Is it reasonable to expect him to keep scoring at this pace? That is probably expecting too much because these McDavid/MacKinnon level numbers, and for as good as Rust is, he’s not that player. But there’s also this: After starting the 2018-19 season with one goal in his first 29 games (and no doubt being on of the players that general manager Jim Rutherford was publicly calling out) he has produced the following numbers:
Games: 63
Goals: 30
Assists: 23
Points: 53
Corsi: 51.2 percent
Even that is a 40-goal pace over 82 games. Yes it is still a relatively small sampling, but we are still getting close to a full season’s worth of games, and it’s not like his shooting percentage during that stretch is completely outrageous, even for his normal career averages.

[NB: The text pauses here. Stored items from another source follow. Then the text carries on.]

(* Let $N\ge1$, $\mathbf{M}=\mathrm{diag}(m_0,\dots,m_N)$ arbitrary real diagonal, $\mathbf{m}=(m_0,\dots,m_N)^\top$, and let $\mathbf{Q}_N$ be the tridiagonal matrix with $(\mathbf{Q}_N)_{kk}=-N$, $(\mathbf{Q}_N)_{k+1,k}=N-k$, $(\mathbf{Q}_N)_{k-1,k}=k$ (indices $0,\dots,N$) and zeros elsewhere. Let $\mathbf{C}$ be the $(N+1)\times(N+1)$ matrix with entries $c_{ik}$ defined by $\sum_{i=0}^N c_{ik}t^i=(1-t)^k(1+t)^{N-k}$ (so its columns are eigenvectors of $\mathbf{Q}_N$ and $\mathbf{C}^{-1}=2^{-N}\mathbf{C}$). For $\mu>0$ let $\mathbf{p}(\mu)\in S_{N+1}$ be the positive solution of $(\mathbf{M}+\mu\mathbf{Q}_N)\mathbf{p}=\overline{m}\,\mathbf{p}$ with $\overline{m}=\mathbf{m}\cdot\mathbf{p}$, and put $\mathbf{x}(\mu)=\mathbf{C}^{-1}\mathbf{p}(\mu)$. Let $\hat{\mathbf{x}}=2^{-N}(1,0,\dots,0)^\top$. Then for all $\mu>0$, $$\|\mathbf{x}(\mu)-\hat{\mathbf{x}}\|_1\le\frac{1}{\mu}\|\mathbf{M}\|_1,$$ and for all $\mu$ with $2\mu>(2^{N+1}+1)\|\mathbf{M}\|_1$, $$\|\mathbf{x}'(\mu)\|_1\le\frac{2N}{2\mu-(2^{N+1}+1)\|\mathbf{M}\|_1}.$$ In particular $\lim_{\mu\to\infty}\mathbf{x}(\mu)=\hat{\mathbf{x}}$ and $\lim_{\mu\to\infty}\mathbf{x}'(\mu)=0$.
   Context: $S_{N+1}=\{\mathbf{p}\in\mathbb{R}^{N+1}:\mathbf{p}\ge0,\ \sum_i p_i=1\}$. $\mathbf{p}(\mu)$ is the normalized Perron eigenvector of $\mathbf{M}+\mu\mathbf{Q}_N$ for its dominant eigenvalue $\overline{m}(\mu)$. $\|\cdot\|_1$ is the $\ell^1$ norm on vectors and the induced operator norm on matrices (for diagonal $\mathbf{M}$, $\|\mathbf{M}\|_1=\max_k|m_k|$). Primes denote derivatives with respect to $\mu$. *)

From HB Require Import structures.
From mathcomp Require Import all_boot all_order all_algebra.
From mathcomp Require Import all_classical all_reals topology normedtype derive.
Set Implicit Arguments. Unset Strict Implicit. Unset Printing Implicit Defensive.
Import Order.TTheory GRing.Theory Num.Theory.
Local Open Scope ring_scope.

Section Defs.
Variable R : realType.

Definition Qmat (N : nat) : 'M[R]_(N.+1) :=
  \matrix_(i, j) (if i == j then - (N%:R)
                  else if (i : nat) == j.+1 then (N - j)%:R
                  else if (i : nat).+1 == j then (j : nat)%:R
                  else 0).

Definition Cmat (N : nat) : 'M[R]_(N.+1) :=
  \matrix_(i, k) (((1 - 'X) ^+ k * (1 + 'X) ^+ (N - k) : {poly R})`_i).

Definition Mdiag (N : nat) (m : 'I_N.+1 -> R) : 'M[R]_(N.+1) :=
  diag_mx (\row_k m k).

Definition l1norm (n : nat) (v : 'cV[R]_n) : R := \sum_i `|v i 0|.

(* induced l^1 operator norm: maximal absolute column sum *)
Definition opnorm1 (n : nat) (A : 'M[R]_n) : R :=
  \big[Num.max/0]_j \sum_i `|A i j|.

Definition xhat (N : nat) : 'cV[R]_(N.+1) :=
  \col_i (if (i : nat) == 0%N then (2%:R ^- N) else 0).

End Defs.

(* In the coordinates [x = C^-1 p], [Q_N] becomes diagonal: [Q_N C = C D] with
   [D = diag(0, -2, ..., -2N)], because the generating polynomials
   [(1 - t)^k (1 + t)^(N - k)] of the columns of [C] are eigenfunctions of the
   differential operator induced by [Q_N]; moreover [C^2 = 2^N], and the first
   coordinate [x_0 = 2^-N] is fixed by the normalization of [p].  The eigenvalue
   equation reads [mu D x = mbar x - C^-1 M C x].  Since [D] expands the
   l1-norm of vectors with vanishing first coordinate by at least [2], while
   [|C|_1 <= 2^N], [|C^-1|_1 <= 1] and [|mbar| <= |M|_1], this equation forces
   [|x - xhat|_1 <= |M|_1 / mu].  The same estimate, applied to the equations
   satisfied by increments and difference quotients of [x], makes [x]
   Lipschitz and its difference quotients Cauchy, which gives [x'] and its
   bound. *)

From HB Require Import structures.
From mathcomp Require Import all_boot all_order all_algebra.
From mathcomp Require Import all_classical all_reals topology normedtype derive.
From mathcomp Require Import ring lra zify.
Set Implicit Arguments. Unset Strict Implicit. Unset Printing Implicit Defensive.
Import Order.TTheory GRing.Theory Num.Theory.
Local Open Scope ring_scope.

Section CoefL1.
Variable R : numDomainType.
Implicit Types (p : {poly R}) (n : nat).

Definition coef_l1 n p := \sum_(i < n) `|p`_i|.

Lemma coef_l1_1 n : coef_l1 n.+1 1 = 1.
Proof.
rewrite /coef_l1 big_ord_recl coef1 eqxx normr1 big1 ?addr0 // => i _.
by rewrite coef1 normr0.
Qed.

Lemma coef_l1_mulX n p : coef_l1 n (p * 'X) <= coef_l1 n p.
Proof.
case: n => [|n]; first by rewrite /coef_l1 !big_ord0.
rewrite /coef_l1 big_ord_recl coefMX eqxx normr0 add0r big_ord_recr /=.
rewrite -[leLHS]addr0 lerD //; apply: ler_sum => i _.
by rewrite coefMX.
Qed.

Lemma coef_l1_mul_1addZX n p s : `|s| <= 1 ->
  coef_l1 n (p * (1 + s *: 'X)) <= 2 * coef_l1 n p.
Proof.
move=> s_le1; rewrite mulrDr mulr1 -scalerAr mulr2n mulrDl mul1r.
apply: (@le_trans _ _ (coef_l1 n p + coef_l1 n (p * 'X))); last first.
  by rewrite lerD // coef_l1_mulX.
rewrite /coef_l1 -big_split; apply: ler_sum => i _.
rewrite coefD coefZ (le_trans (ler_normD _ _)) //.
by rewrite lerD // normrM ler_piMl.
Qed.

Lemma coef_l1_mul_1addZX_exp n p s k : `|s| <= 1 ->
  coef_l1 n (p * (1 + s *: 'X) ^+ k) <= 2 ^+ k * coef_l1 n p.
Proof.
move=> s_le1; elim: k => [|k IHk]; first by rewrite !expr0 mulr1 mul1r.
rewrite exprSr mulrA (le_trans (coef_l1_mul_1addZX _ _ s_le1)) //.
by rewrite exprSr (mulrC _ 2) -mulrA ler_wpM2l.
Qed.

End CoefL1.

Lemma size_1addZX (R : nzRingType) (s : R) : (size (1 + s *: 'X : {poly R})%R <= 2)%N.
Proof.
rewrite (leq_trans (size_polyD _ _)) // size_poly1 geq_max /=.
by rewrite (leq_trans (size_scale_leq _ _)) // size_polyX.
Qed.

Lemma size_exp_leq2 (R : nzRingType) (p : {poly R}) k :
  (size p <= 2)%N -> (size (p ^+ k)%R <= k.+1)%N.
Proof.
move=> sp; apply: leq_trans (size_poly_exp_leq _ _) _.
by rewrite ltnS -[leqRHS]mul1n leq_mul //; case: (size p) sp => [|[|[]]].
Qed.

Lemma poly_nat_roots_eq0 (R : numDomainType) (p : {poly R}) n :
  (size p <= n)%N -> (forall i, (i < n)%N -> root p i%:R) -> p = 0.
Proof.
move=> sp p_root; apply/eqP/negPn/negP => p_neq0.
have := max_poly_roots p_neq0 (rs := [seq (i%:R : R) | i <- iota 0 n]).
rewrite size_map size_iota map_inj_uniq ?iota_uniq; last exact: mulrIn (oner_neq0 _).
have -> : all (root p) [seq (i%:R : R) | i <- iota 0 n].
  by apply/allP => x /mapP [i]; rewrite mem_iota add0n => /p_root ? ->.
by move=> /(_ isT isT); case: (size p) sp => [|k] /=; lia.
Qed.

Section Krawtchouk.
Variables (R : numFieldType) (N : nat).

Definition kraw k : {poly R} := (1 - 'X) ^+ k * (1 + 'X) ^+ (N - k).

Lemma kraw_1addZX k : kraw k = (1 + (-1) *: 'X) ^+ k * (1 + 1 *: 'X) ^+ (N - k).
Proof. by rewrite scaleN1r scale1r. Qed.

Lemma size_kraw k : (k <= N)%N -> (size (kraw k) <= N.+1)%N.
Proof.
move=> le_kN; rewrite kraw_1addZX (leq_trans (size_polyMleq _ _)) //.
have := leq_add (size_exp_leq2 k (size_1addZX (-1 : R)))
                (size_exp_leq2 (N - k) (size_1addZX (1 : R))).
by rewrite addSn addnS subnKC //; case: (_ + _)%N.
Qed.

Lemma kraw_coef0 k : (kraw k)`_0 = 1.
Proof. by rewrite -horner_coef0 !hornerE subr0 !expr1n mulr1. Qed.

Lemma coef_l1_kraw n k : (k <= N)%N -> coef_l1 n (kraw k) <= 2 ^+ N.
Proof.
move=> le_kN; rewrite kraw_1addZX -[_ ^+ k]mul1r.
have -> : 2 ^+ N = 2 ^+ (N - k) * 2 ^+ k :> R by rewrite -exprD subnK.
apply: le_trans (@coef_l1_mul_1addZX_exp _ n _ 1 _ _) _; first by rewrite normr1.
apply: ler_wpM2l; first exact: exprn_ge0.
apply: le_trans (@coef_l1_mul_1addZX_exp _ n _ (-1) _ _) _.
  by rewrite normrN normr1.
case: n => [|n]; last by rewrite coef_l1_1 mulr1.
by rewrite /coef_l1 big_ord0 mulr0 exprn_ge0.
Qed.

Lemma horner_kraw k t : (kraw k).[t] = (1 - t) ^+ k * (1 + t) ^+ (N - k).
Proof. by rewrite !hornerE. Qed.

Lemma horner_kraw_ratio k t : 1 + t != 0 -> (k <= N)%N ->
  (kraw k).[t] = (1 + t) ^+ N * ((1 - t) / (1 + t)) ^+ k.
Proof.
move=> t1_neq0 le_kN; rewrite horner_kraw -(subnKC le_kN) exprD addKn expr_div_n.
by field; rewrite expf_neq0.
Qed.

(* At [t], the left-hand side is [(1 + t) ^+ N * (kraw j).[(1 - t) / (1 + t)] = 2 ^+ N * t ^+ j]. *)
Lemma kraw_inversion j : (j <= N)%N ->
  \sum_(k < N.+1) (kraw j)`_k *: kraw k = 2 ^+ N *: 'X^j.
Proof.
move=> le_jN; apply/eqP; rewrite -subr_eq0; apply/eqP.
apply: (@poly_nat_roots_eq0 _ _ N.+1.+1) => [|i _].
  rewrite (leq_trans (size_polyD _ _)) // geq_max size_polyN; apply/andP; split.
    rewrite (leq_trans (size_sum _ _ _)) //; apply/bigmax_leqP => k _.
    by rewrite (leq_trans (size_scale_leq _ _)) // ltnW // ltnS size_kraw // -ltnS.
  by rewrite (leq_trans (size_scale_leq _ _)) // size_polyXn !ltnS ltnW.
have i1_neq0 : 1 + i%:R != 0 :> R by rewrite addrC natr1 pnatr_eq0.
rewrite /root !hornerE horner_sum.
under eq_bigr => k _ do rewrite hornerZ (horner_kraw_ratio i1_neq0 (ltnSE (ltn_ord k))) mulrCA.
rewrite -mulr_sumr -(horner_coef_wide _ (size_kraw le_jN)) horner_kraw.
rewrite -{1 3}(subnKC le_jN) !exprD subr_eq0; apply/eqP.
rewrite mulrACA -!exprMn mulrAC -exprMn.
by congr (_ ^+ _ * _ ^+ _); field.
Qed.

(* [Qmat] acting on coefficient vectors, as a differential operator on generating
   polynomials (see [Qmat_coef_sum]). *)
Definition Qop (f : {poly R}) : {poly R} :=
  - (N%:R) *: f + N%:R *: ('X * f) + f^`() - 'X * ('X * f^`()).

Lemma coef_Qop f i : (Qop f)`_i =
  - (N%:R) * f`_i + (if i is i'.+1 then (N%:R - i'%:R) * f`_i' else 0)
  + i.+1%:R * f`_i.+1.
Proof.
rewrite /Qop !coefD coefN !coefZ !coefXM coef_deriv.
case: i => [|[|i]]; rewrite ?eqxx ?coef_deriv.
- rewrite mulr0 subr0 addr0 -[f`_1 *+ 1]mulr_natr; ring.
- rewrite (_ : (1 == 0)%N = false) // subr0 subr0 -[f`_2 *+ 2]mulr_natr.
  rewrite -[1%N.-1]/0%N; ring.
- rewrite (_ : (i.+2 == 0)%N = false) // (_ : (i.+2.-1 == 0)%N = false) //.
  rewrite -[i.+2.-1]/(i.+1) -[i.+2.-2.+1]/(i.+1).
  rewrite -[f`_i.+3 *+ _]mulr_natr -[f`_i.+1 *+ _]mulr_natr; ring.
Qed.

Lemma mul_deriv_exp (p : {poly R}) n : p * (p^`() * p ^+ n.-1 *+ n) = p^`() * p ^+ n *+ n.
Proof.
case: n => [|n]; first by rewrite !mulr0n mulr0.
by rewrite exprS -!mulrnAr mulrCA.
Qed.

Lemma Qop_kraw k : (k <= N)%N -> Qop (kraw k) = - (2 * k)%:R *: kraw k.
Proof.
move=> le_kN.
(* [1 - 'X^2 = (1 - 'X) * (1 + 'X)] splits the derivative part along the two factors. *)
have E : (kraw k)^`() - 'X * ('X * (kraw k)^`()) =
  (1 + 'X) * (1 + 'X) ^+ (N - k) * ((1 - 'X) * ((1 - 'X) ^+ k)^`())
  + (1 - 'X) * (1 - 'X) ^+ k * ((1 + 'X) * ((1 + 'X) ^+ (N - k))^`()).
  rewrite /kraw derivM.
  move: ((1 - 'X : {poly R}) ^+ k) ((1 + 'X : {poly R}) ^+ (N - k)) => a b.
  move: (a^`()) (b^`()) => da db; ring.
have d1 : (1 : {poly R})^`() = 0 by rewrite -polyC1 derivC.
rewrite /Qop -addrA E !deriv_exp !mul_deriv_exp derivB derivD derivX d1 sub0r add0r.
rewrite -[_ *+ k]mulr_natr -[_ *+ (N - k)]mulr_natr.
rewrite -!mul_polyC !polyCN !polyC_natr natrM natrB // /kraw.
move: ((1 - 'X : {poly R}) ^+ k) ((1 + 'X : {poly R}) ^+ (N - k)) => a b; ring.
Qed.

End Krawtchouk.

Lemma sum_ord_if_eq (V : nmodType) n (g : nat -> V) a :
  \sum_(j < n) (if a == j :> nat then g j else 0) = if (a < n)%N then g a else 0.
Proof.
elim: n => [|n IHn]; first by rewrite big_ord0.
rewrite big_ord_recr /= IHn [in RHS]ltnS.
case: eqP => [->|ne_an]; first by rewrite ltnn add0r leqnn.
by rewrite addr0 [(a <= n)%N]leq_eqVlt (introF eqP ne_an).
Qed.

Lemma sum_ord_if_eqS (V : nmodType) n (g : nat -> V) a :
  \sum_(j < n) (if a == j.+1 then g j else 0) =
  if a is a'.+1 then (if (a' < n)%N then g a' else 0) else 0.
Proof.
case: a => [|a]; first by rewrite big1.
by under eq_bigr do rewrite eqSS; exact: sum_ord_if_eq.
Qed.

Section Cmatrix.
Variables (R : realType) (N : nat).
Local Notation C := (Cmat R N).
Local Notation kraw := (kraw R N).

Lemma Cmat_kraw i k : C i k = (kraw k)`_i.
Proof. by rewrite mxE. Qed.

Lemma Cmat_sqr : C *m C = (2 ^+ N)%:M.
Proof.
apply/matrixP => i j; rewrite !mxE.
under eq_bigr => k _ do rewrite !mxE mulrC.
transitivity ((\sum_(k < N.+1) (kraw j)`_k *: kraw k)`_i).
  by rewrite coef_sum; apply: eq_bigr => k _; rewrite coefZ.
by rewrite kraw_inversion ?coefZ ?coefXn ?mulr_natr // -ltnS.
Qed.

Lemma Cmat_mulmx_scale : C *m (2 ^- N *: C) = 1%:M.
Proof.
by rewrite -scalemxAr Cmat_sqr scale_scalar_mx mulVf // expf_neq0 // pnatr_eq0.
Qed.

Lemma Cmat_unit : C \in unitmx.
Proof. by case: (mulmx1_unit Cmat_mulmx_scale). Qed.

Lemma invmx_Cmat : invmx C = 2 ^- N *: C.
Proof.
by rewrite -[RHS]mul1mx -(mulVmx Cmat_unit) -mulmxA Cmat_mulmx_scale mulmx1.
Qed.

Lemma Qmat_coef_sum (f : {poly R}) (i : 'I_N.+1) : (size f <= N.+1)%N ->
  \sum_j Qmat R N i j * f`_j = (Qop N f)`_i.
Proof.
move=> size_f; rewrite coef_Qop.
have split_if (a b : nat) (X Y Z F : R) :
    (if a == b then X else if a == b.+1 then Y else if a.+1 == b then Z else 0) * F =
    (if a == b then X * F else 0) + (if a == b.+1 then Y * F else 0)
    + (if a.+1 == b then Z * F else 0).
  by do 3 case: eqP => ?; rewrite ?mul0r ?addr0 ?add0r //; lia.
under eq_bigr => j _ do rewrite mxE -val_eqE split_if.
rewrite !big_split /= (sum_ord_if_eq _ (fun j => - (N%:R) * f`_j)).
rewrite (sum_ord_if_eqS _ (fun j => (N - j)%:R * f`_j)).
rewrite (sum_ord_if_eq _ (fun j => j%:R * f`_j)) ltn_ord.
congr (_ + _ + _).
  case: (nat_of_ord i) (ltn_ord i) => [|i'] // lt_iN.
  by rewrite ltnW // natrB // -ltnS ltnW.
by case: ltnP => // le_Ni; rewrite nth_default ?mulr0 // (leq_trans size_f).
Qed.

Definition Dmat : 'M[R]_N.+1 := diag_mx (\row_(k < N.+1) - (2 * k)%:R).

Even before this recent scoring surge started pretty much exactly one year ago (it began with his hat trick in Chicago on Dec. 10, 2018) he was a consistent 20-goal per 82-game winger while always playing around 15 minutes per game and getting almost no power play time. He has consistently maintained a mid-teens shooting percentage and has always produced extremely well on a per-minute basis. He’s just played on a team that has been loaded at forward and not always given him an opportunity to consistently play bigger minutes.
It is not a stretch to think that with a few extra minutes per game that his scoring could push the 25-30 goal mark.
If he gives them that, along with everything else he provides, he is a complete steal against the salary cap.
This year he has arguably been one of the team’s two or three most valuable players (maybe even the most valuable player) and even if his scoring slows down a little bit he is still going to be one of the best complementary players in the league.